Your answer must be a single number: how many lines of the data include "case".

Records for this task section start

Lemma min_deg2_cycle (S : {set T}) : S != set0 ->
  {in S, forall x, 1 < #|[set y in S | e x y]|} -> exists p, is_cycle e p.
Proof.
move=> /set0Pn[x0 x0S] hdeg.
suff long_paths j : (exists p, is_cycle e p) \/
    exists x q, [/\ j <= size q, uniq (x :: q), {subset x :: q <= S} & path e x q].
  case: (long_paths #|S|) => [//|[x [q [hj uq qS _]]]].
  have /subset_leq_card : [set z in x :: q] \subset S by apply/subsetP => z; rewrite inE => /qS.
  by rewrite cardsE (card_uniqP uq) /= ltnNge hj.
elim: j => [|j [|[x [q [hj uq qS pq]]]]]; [|by left|].
  by right; exists x0, [::]; split=> // z; rewrite inE => /eqP->.
set z := last x q; have zS : z \in S by apply/qS/mem_last.
case: (pickP [pred y | [&& y \in S, e z y & y \notin x :: q]]) => [y /and3P[yS ezy yq]|hall].
  right; exists x, (rcons q y); split.
  - by rewrite size_rcons.
  - by rewrite -rcons_cons rcons_uniq yq uq.
  - by move=> w; rewrite -rcons_cons mem_rcons inE => /predU1P[->|/qS].
  - by rewrite rcons_path pq.
have pred_of y : y \in S -> e z y ->
    (exists p, is_cycle e p) \/ exists p1, q = rcons p1 z /\ last x p1 = y.
  move=> yS ezy; apply: path_last_nbr => //.
  - by move: (hall y) => /= /negbT; rewrite yS ezy /= negbK.
  - by apply: contraTneq ezy => ->; rewrite ie.
case/card_gt1P: (hdeg z zS) => y1 [y2 []]; rewrite !inE => /andP[y1S e1] /andP[y2S e2].
case: (pred_of y1 y1S e1) => [|[p1 [q1 <-]]]; first by left.
case: (pred_of y2 y2S e2) => [|[p2 [q2 <-]]]; first by left.
have p12 : p1 = p2 by apply: (@rcons_injl _ z); rewrite -q1 -q2.
by rewrite p12 eqxx.
Qed.

Definition deg_in (S : {set T}) x := #|[set y in S | e x y]|.

Lemma deg_in_setD1 (S : {set T}) x u : x \in S ->
  deg_in S u = e u x + deg_in (S :\ x) u.
Proof.
move=> xS; rewrite /deg_in (cardsD1 x) !inE xS /=; congr (_ + _).
by apply: eq_card => y; rewrite !inE andbA.
Qed.

Lemma sum_deg_in_setD1 (S : {set T}) x : x \in S ->
  \sum_(u in S) deg_in S u = 2 * deg_in S x + \sum_(u in S :\ x) deg_in (S :\ x) u.
Proof.
move=> xS; rewrite (bigD1 x) //= (eq_bigl [in S :\ x]) => [|u]; last by rewrite !inE andbC.
rewrite (eq_bigr _ (fun u _ => deg_in_setD1 u xS)) big_split /= addnA mul2n -addnn.
congr (_ + _ + _).
rewrite /deg_in -sum1_card big_mkcond [RHS]big_mkcond /=.
apply: eq_bigr => y _; rewrite !inE se.
by case: (eqVneq y x) => [->|_]; rewrite ?ie ?andbF //=; case: (y \in S); case: (e x y).
Qed.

Records for this task section end

Answer –
6